ABOUT THIS EXERCISE
For the records that follow, say how many lines have the word "false" in them. Write the number and nothing more.

--- INPUT MATERIAL Enclosed Below ---

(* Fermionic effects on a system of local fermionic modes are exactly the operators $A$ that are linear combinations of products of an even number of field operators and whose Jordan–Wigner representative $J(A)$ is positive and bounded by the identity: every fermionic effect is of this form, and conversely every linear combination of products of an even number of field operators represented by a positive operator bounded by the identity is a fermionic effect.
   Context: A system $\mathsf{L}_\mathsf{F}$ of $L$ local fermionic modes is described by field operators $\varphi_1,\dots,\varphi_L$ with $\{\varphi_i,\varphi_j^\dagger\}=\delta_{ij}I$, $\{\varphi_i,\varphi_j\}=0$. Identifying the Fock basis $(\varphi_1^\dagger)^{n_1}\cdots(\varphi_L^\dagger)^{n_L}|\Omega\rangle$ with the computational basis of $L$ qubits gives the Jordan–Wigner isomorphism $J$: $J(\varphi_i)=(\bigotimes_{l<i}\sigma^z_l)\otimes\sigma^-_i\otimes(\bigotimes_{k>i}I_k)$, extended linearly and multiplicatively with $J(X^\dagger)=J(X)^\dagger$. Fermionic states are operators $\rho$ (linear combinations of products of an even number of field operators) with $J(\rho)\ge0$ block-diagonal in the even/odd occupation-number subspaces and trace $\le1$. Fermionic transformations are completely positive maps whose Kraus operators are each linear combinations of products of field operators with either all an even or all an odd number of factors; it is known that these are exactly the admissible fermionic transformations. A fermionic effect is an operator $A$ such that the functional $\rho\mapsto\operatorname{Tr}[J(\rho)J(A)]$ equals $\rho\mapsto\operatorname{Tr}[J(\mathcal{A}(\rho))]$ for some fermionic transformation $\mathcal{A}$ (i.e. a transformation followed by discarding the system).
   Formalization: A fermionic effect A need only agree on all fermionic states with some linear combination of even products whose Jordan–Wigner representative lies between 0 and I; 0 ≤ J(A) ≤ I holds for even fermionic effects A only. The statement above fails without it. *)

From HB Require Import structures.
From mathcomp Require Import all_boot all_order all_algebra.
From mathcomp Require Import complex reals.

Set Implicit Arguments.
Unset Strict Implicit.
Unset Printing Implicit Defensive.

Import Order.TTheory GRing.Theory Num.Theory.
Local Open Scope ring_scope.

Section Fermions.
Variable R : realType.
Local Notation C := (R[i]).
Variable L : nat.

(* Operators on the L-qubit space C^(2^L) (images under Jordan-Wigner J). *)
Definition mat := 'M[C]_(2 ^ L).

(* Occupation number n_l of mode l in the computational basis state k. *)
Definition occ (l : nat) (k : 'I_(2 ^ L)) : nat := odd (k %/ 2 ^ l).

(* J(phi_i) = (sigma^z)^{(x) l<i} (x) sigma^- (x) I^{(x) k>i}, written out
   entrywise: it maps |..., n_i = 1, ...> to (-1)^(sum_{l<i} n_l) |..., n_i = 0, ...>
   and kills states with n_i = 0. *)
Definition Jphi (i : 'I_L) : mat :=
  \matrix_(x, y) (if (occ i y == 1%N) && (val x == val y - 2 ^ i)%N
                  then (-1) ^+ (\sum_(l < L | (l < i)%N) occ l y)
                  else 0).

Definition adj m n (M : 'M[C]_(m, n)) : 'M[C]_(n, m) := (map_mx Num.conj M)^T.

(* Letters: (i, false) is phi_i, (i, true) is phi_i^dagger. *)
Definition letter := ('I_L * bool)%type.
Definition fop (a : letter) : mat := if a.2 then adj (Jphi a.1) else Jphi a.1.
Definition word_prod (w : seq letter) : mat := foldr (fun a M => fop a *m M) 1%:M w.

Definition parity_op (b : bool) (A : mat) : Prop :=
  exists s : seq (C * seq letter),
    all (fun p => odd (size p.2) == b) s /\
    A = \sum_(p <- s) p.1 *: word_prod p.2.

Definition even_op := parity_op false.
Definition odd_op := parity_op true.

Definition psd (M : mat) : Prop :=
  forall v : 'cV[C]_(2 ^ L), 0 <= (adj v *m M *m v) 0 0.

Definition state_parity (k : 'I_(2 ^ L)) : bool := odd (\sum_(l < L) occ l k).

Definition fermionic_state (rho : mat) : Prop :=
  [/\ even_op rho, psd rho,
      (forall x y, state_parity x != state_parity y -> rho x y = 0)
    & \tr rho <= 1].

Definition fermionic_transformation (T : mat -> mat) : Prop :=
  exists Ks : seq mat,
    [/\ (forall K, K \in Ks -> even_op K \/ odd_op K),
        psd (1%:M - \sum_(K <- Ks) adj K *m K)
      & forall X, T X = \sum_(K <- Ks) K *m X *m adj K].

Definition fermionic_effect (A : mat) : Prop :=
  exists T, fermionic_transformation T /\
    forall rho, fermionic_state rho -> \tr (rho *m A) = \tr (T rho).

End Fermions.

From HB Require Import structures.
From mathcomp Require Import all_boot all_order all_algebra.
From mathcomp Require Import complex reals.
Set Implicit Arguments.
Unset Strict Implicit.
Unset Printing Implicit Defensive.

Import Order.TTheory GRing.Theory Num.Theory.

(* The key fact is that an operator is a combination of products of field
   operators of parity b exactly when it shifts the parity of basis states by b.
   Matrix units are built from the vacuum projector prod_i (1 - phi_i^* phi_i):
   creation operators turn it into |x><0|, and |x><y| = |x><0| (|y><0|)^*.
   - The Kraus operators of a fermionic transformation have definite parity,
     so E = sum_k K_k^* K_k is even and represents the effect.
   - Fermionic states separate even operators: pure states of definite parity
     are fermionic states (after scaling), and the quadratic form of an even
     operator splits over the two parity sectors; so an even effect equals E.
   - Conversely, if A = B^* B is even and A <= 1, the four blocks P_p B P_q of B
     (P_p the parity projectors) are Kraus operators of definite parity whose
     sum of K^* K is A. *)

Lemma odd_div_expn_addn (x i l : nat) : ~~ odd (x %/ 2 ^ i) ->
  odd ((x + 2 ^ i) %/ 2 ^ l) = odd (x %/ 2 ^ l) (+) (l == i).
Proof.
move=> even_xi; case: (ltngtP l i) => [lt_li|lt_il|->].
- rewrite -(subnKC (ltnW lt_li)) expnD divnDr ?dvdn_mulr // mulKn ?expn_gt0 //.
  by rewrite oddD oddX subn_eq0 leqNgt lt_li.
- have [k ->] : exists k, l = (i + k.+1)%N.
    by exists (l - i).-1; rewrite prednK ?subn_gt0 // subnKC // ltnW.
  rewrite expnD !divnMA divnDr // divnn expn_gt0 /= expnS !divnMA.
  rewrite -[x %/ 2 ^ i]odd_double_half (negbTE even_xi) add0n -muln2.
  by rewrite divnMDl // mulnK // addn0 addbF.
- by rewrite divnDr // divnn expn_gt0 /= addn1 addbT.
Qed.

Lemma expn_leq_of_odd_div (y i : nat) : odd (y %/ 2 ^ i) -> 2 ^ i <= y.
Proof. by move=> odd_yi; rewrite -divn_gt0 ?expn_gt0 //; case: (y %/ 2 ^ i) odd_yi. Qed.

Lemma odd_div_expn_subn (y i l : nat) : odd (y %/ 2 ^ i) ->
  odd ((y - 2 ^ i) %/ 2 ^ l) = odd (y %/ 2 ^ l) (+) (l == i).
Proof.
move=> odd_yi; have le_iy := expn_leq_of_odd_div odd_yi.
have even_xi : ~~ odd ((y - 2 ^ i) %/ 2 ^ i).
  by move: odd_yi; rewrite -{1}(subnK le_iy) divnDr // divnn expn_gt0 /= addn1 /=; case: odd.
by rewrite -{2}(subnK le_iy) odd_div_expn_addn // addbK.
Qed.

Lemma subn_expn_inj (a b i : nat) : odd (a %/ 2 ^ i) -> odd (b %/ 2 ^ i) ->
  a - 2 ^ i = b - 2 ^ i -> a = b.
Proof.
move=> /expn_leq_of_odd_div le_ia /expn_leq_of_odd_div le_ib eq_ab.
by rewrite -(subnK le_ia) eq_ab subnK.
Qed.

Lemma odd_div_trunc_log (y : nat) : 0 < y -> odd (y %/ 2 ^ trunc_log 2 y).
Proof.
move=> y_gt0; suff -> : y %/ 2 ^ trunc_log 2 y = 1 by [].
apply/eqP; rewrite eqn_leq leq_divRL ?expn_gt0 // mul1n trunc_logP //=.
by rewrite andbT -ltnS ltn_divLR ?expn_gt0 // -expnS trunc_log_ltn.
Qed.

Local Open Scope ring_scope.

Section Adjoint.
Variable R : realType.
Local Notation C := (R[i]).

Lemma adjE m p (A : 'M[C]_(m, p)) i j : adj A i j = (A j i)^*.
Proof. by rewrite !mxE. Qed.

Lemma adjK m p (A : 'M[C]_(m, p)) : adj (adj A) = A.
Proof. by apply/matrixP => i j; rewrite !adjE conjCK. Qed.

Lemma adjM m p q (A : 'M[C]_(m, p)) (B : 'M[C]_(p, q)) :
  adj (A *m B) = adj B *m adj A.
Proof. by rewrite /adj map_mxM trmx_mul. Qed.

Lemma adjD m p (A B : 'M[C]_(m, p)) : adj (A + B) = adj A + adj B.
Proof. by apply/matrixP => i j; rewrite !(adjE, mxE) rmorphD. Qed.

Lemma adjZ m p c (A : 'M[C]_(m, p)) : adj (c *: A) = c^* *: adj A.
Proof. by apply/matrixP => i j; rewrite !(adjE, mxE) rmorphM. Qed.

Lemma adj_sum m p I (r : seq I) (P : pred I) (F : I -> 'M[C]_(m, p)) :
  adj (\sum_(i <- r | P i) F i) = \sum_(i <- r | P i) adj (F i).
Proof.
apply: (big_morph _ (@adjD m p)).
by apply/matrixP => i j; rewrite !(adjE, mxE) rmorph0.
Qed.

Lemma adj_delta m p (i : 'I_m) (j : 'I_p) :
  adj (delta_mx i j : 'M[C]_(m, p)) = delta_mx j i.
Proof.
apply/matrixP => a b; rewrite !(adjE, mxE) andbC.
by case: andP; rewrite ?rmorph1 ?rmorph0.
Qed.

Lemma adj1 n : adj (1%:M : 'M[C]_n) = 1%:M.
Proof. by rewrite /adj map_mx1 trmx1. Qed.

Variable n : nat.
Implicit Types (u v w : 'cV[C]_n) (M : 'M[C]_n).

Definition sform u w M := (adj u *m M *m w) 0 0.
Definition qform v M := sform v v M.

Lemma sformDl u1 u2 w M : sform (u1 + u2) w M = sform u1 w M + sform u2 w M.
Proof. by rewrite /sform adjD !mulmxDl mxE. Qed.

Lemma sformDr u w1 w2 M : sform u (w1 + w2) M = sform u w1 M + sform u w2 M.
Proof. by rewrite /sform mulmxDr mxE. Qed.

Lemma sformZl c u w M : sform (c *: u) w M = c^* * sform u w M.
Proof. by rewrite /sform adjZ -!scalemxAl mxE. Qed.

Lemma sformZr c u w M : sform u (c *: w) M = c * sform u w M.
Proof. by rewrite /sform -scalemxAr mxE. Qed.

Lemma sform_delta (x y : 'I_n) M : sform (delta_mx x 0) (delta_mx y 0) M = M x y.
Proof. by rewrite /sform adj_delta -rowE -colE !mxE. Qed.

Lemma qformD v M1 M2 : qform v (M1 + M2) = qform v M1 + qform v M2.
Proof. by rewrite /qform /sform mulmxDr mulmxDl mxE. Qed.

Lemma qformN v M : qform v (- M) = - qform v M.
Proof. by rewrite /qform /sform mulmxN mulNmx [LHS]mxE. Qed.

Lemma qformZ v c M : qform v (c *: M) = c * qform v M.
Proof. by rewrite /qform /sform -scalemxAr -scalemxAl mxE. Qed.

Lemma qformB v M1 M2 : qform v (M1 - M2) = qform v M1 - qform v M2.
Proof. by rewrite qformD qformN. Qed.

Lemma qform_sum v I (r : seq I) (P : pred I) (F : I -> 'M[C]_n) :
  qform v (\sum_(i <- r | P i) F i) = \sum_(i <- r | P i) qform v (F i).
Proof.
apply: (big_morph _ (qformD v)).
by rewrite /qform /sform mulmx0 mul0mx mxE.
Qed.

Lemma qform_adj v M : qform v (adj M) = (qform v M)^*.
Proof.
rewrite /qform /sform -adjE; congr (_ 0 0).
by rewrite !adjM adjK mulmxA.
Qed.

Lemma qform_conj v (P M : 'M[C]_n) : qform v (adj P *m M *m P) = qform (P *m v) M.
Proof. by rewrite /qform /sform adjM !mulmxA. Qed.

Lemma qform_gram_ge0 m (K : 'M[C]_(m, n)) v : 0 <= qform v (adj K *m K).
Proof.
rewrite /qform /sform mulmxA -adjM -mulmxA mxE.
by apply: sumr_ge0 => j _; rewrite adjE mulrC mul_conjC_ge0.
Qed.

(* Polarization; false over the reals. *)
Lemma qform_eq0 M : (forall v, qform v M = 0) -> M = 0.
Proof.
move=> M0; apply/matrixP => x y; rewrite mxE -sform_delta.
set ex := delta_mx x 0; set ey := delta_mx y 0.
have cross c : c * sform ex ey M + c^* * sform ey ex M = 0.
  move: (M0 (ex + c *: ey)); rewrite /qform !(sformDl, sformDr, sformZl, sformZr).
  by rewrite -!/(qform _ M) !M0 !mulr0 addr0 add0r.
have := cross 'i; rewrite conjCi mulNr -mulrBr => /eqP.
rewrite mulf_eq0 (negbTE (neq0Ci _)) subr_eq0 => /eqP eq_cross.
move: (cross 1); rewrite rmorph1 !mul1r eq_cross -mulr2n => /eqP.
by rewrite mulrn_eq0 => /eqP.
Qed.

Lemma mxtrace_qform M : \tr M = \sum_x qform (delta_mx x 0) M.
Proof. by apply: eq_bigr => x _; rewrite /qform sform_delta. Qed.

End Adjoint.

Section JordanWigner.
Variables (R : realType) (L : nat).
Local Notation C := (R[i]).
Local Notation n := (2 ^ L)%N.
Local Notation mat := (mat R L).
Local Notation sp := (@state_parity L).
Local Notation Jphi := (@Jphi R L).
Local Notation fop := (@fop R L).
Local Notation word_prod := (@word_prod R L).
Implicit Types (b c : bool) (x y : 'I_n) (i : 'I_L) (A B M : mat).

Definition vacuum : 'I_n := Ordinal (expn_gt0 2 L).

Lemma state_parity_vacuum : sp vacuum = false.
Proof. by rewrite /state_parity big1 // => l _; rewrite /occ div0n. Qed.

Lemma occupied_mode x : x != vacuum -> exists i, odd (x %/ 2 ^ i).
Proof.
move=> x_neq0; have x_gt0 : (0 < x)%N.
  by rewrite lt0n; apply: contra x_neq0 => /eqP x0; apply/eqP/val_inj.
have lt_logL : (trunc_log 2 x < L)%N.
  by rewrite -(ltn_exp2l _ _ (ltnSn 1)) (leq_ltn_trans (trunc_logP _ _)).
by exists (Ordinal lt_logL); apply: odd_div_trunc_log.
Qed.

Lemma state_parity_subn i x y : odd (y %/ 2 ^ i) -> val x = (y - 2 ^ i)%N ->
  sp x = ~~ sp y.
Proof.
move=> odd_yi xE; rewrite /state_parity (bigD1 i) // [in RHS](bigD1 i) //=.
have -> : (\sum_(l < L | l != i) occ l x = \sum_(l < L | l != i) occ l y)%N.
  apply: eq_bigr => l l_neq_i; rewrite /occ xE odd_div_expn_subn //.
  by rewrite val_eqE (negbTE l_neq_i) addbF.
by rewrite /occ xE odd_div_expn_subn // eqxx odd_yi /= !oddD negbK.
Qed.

--- End of Enclosed INPUT MATERIAL ---

SOLUTION FOR THIS PROBLEM
4